You also need to be able to prove there is enough money to make you not a public charge, the USC needs a salary of about $18.5k if you don't have enough you need to be able to make up 5 times the difference in savings.


----------



## Mikesgirl (Oct 3, 2010)

Thanks for the quick reply :-D I have one more question if I may...while the application's going through, does that mean I cannot visit him at all? Or is there a way to see him?

Lol, that's good to know about needing to provide photographic proof of us together...I may be able to give them a photo album if they like


----------



## BritishGav (Jan 26, 2010)

You need proof of the relationship, so stuff like pictures of you together, hotel recepts, old boarding passes and stuff like that. When we actually went through it all it turned out we had a lot more than we needed.

As for visiting, you can but it's a risk. You have to convince the boarder official that you aren't planning to do a runner. If they believe you then no worries, but if they don't you can be denied entry and that can jepordise you visa application. It also means you can't use the visa waiver program anymore either. I don't know about you but I don't think it's worth the risk.


----------



## Mikesgirl (Oct 3, 2010)

Thanks, that does sound like it's more risk than it's worth :-( I guess Mike and I had better be ready for some time apart while waiting for it to process *makes face* at least we only see each other twice a year anyway, so it won't be too absolutely big a change!
Thanks really much for the info  how are you and your fiance/partner doing now? (it's so odd how in America, they use 'fiance' for both fiancee and fiance...i'm starting to switch my vocab over in preparation )

Helen


----------



## BritishGav (Jan 26, 2010)

Well just because you can't go there doesn't mean he can't come and see you here instead, thats what my American girl is doing, she's coming over for christmas and new year, and maybe some time in the summer if we can afford it.
Karen and I are keeping busy and we're very focused on the plan.

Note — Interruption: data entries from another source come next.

Lemma star_rep_of_separated (p : nat -> R) :
  separated a p n -> (forall k, (k < n)%nat -> 0 <= p k < 2 * PI) ->
  is_weighted_star_rep n w0 w (0, 0) w0 (leaf_center p) w.
Proof.
  intros Hp Hp2.
  assert (Hinc : forall k l, (k < l)%nat -> (l < n)%nat -> p k < p l).
  { intros k l H1 H2. pose proof (Hp k l H1 H2).
    pose proof (sep_angle_bounds _ _ (wratio_rot_bounds k ltac:(lia)) (wratio_rot_bounds l H2)). lra. }
  (* leaves before m in the input order lie one full turn back *)
  set (theta := fun j => p (unrot n m j) - (if Nat.ltb j m then 2 * PI else 0)).
  assert (Hc : forall j, leaf_center p j =
                 (0 + (w0 + w j) * cos (theta j), 0 + (w0 + w j) * sin (theta j))).
  { intro j. unfold leaf_center, theta. destruct (Nat.ltb j m).
    - rewrite cos_sub_2PI, sin_sub_2PI. f_equal; ring.
    - rewrite Rminus_0_r. f_equal; ring. }
  split; [|split; [|split]].
  - exists 1. split; [lra|]. split; [ring|]. intros; ring.
  - intros i Hi. unfold disks_touch. rewrite Hc, dist2_center_polar. reflexivity.
  - intros i j Hi Hj Hij. rewrite !Hc. apply disks_apart_polar_iff; auto.
    assert (Hci : cos (theta i - theta j) = cos (p (unrot n m i) - p (unrot n m j))).
    { unfold theta. destruct (Nat.ltb i m), (Nat.ltb j m).
      - f_equal; ring.
      - rewrite <- (cos_sub_2PI (p (unrot n m i) - _)). f_equal; ring.
      - rewrite <- (cos_add_2PI (p (unrot n m i) - _)). f_equal; ring.
      - f_equal; ring. }
    rewrite Hci.
    change (w i / (w0 + w i)) with (wratio w0 w i). change (w j / (w0 + w j)) with (wratio w0 w j).
    assert (Hai : wratio w0 w i = a (unrot n m i)) by (unfold a; rewrite rot_unrot; auto).
    assert (Haj : wratio w0 w j = a (unrot n m j)) by (unfold a; rewrite rot_unrot; auto).
    rewrite Hai, Haj.
    apply (separated_cos_lt a p n wratio_rot_bounds Hp); try apply unrot_lt; auto.
    intro E. apply Hij. rewrite <- (rot_unrot n m i), <- (rot_unrot n m j), E; auto.
  - exists theta, (fun j => w0 + w j). split; [|split].
    + intros i Hi. split; [pose proof (Hw i Hi); lra|]. rewrite Hc. reflexivity.
    + intros i Hi. unfold theta, unrot.
      destruct (Nat.ltb_spec i m), (Nat.ltb_spec (S i) m), (Nat.leb_spec m i), (Nat.leb_spec m (S i));
        try lia.
      * assert (p (i + n - m)%nat < p (S i + n - m)%nat) by (apply Hinc; lia). lra.
      * replace (S i - m)%nat with 0%nat by lia.
        pose proof (Hp2 (i + n - m)%nat ltac:(lia)). pose proof (Hp2 0%nat ltac:(lia)). lra.
      * assert (p (i - m)%nat < p (S i - m)%nat) by (apply Hinc; lia). lra.
    + intros Hn. unfold theta, unrot.
      destruct (Nat.ltb_spec (pred n) m), (Nat.ltb_spec 0 m), (Nat.leb_spec m (pred n)), (Nat.leb_spec m 0);
        try lia.
      * assert (p (pred n - m)%nat < p (0 + n - m)%nat) by (apply Hinc; lia). lra.
      * replace m with 0%nat in * by lia.
        pose proof (Hp2 (pred n - 0)%nat ltac:(lia)). pose proof (Hp2 (0 - 0)%nat ltac:(lia)). lra.
Qed.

Everything we're doing right now is building up towards being together. She's just started her own business, and she's still studying really hard too. And I'm saving my arse off. 
But don't let yourself be colonised my the colonials, you can't help it to a point though. I talk about going to the movies instead of the cinema, by there's no way I am giving up on rubbish, petrol and football


----------



## Mikesgirl (Oct 3, 2010)

He can't actually come here :-( His new job is real strict about time off and well...the more we works, the more money is saved as I've only just found myself a temp job at least for the next 3 months to get some more money saved of my own.
His plan is for me to visit him at Christmas, I guess then we'll start planning on starting the visa process after that. I actually like absorbing the vocab over there, though it is fun to tease Mike with the difference with words...i call it 'queue', he calls it 'line' so the one time he slipped up and said 'better join the queue', boy was he traumatised  he and i love bantering over words!
Good for Karen, what kind of business is she running? What is she studying? She sounds like she must be lovely


----------



## BritishGav (Jan 26, 2010)

She does private maths tutoring, and she's doing her BA in Maths at the moment. She wants to be a teacher eventually. Karen and i are always bantering about how we say things differently. We saw this trailor for a movie (never actually saw the film) and this girl and guy are together and i think one was American and the other was from Oz (I could be wrong) and she makes fun of how he talks and he says 'Don't mock me, I don't appreciate it!' and I say that to Karen in jest ALL the time, lol
People make fun of her for talking to 'British' and they make fun of me for talking to America. Apparently I over use Awesome


----------



## Mikesgirl (Oct 3, 2010)

Wow  is she doing the private maths tutoring as something aimed at students or at adult learning?
Hehe, that is funny about the 'talking too british' and 'talking too american' habit 
Do you have any trouble with the American currency? It may be utterly silly, but I still struggle with it and as a result have a purse stuffed with dimes and cents and quarters. I assumed that quarters meant 25 cents and that 100 cents made up a dollar, and now i'm confusing myself just as I write.... (god how i love the british pound...100 pennies to a pound and that's IT!)


----------



## BritishGav (Jan 26, 2010)

She does some adults, but also quite a lot of high school and middle school kids.
The currency can be a problem, quaters being a quarter of a dollar are easy enough. What confuses me are dimes and nickles, as the one that looks like a 5p is worth 10c and the one that looks like a 10p is worth 5c. What bothers me more is sales tax, as you don't know what things will cost its hard to get the right change ready. I also have to keep my notes in order or I get confused as it all looks the same.
It's a learning curve though, I have a friend I used to work with a few years ago and he has now lived in Oz for three years, and he's quite well adapted to everything out there now... even the heat


----------



## BritishGav (Jan 26, 2010)

Just an update on everything so far

i-129f posted UPS 2 day air to Dallas 1st October 2010
i-129f arrived in Dallas 4th October 2010
i-129f payment cleared 7th October 2010

Expecting the NOA1 pretty soon


----------



## BritishGav (Jan 26, 2010)

Just an update on everything so far

i-129f posted UPS 2 day air to Dallas 1st October 2010
i-129f arrived in Dallas 4th October 2010
i-129f payment cleared 7th October 2010
NOA1 date 7th October 2010
NOA1 hard copy recieved 12th October 2010

Expecting the NOA2 in about 3 months


----------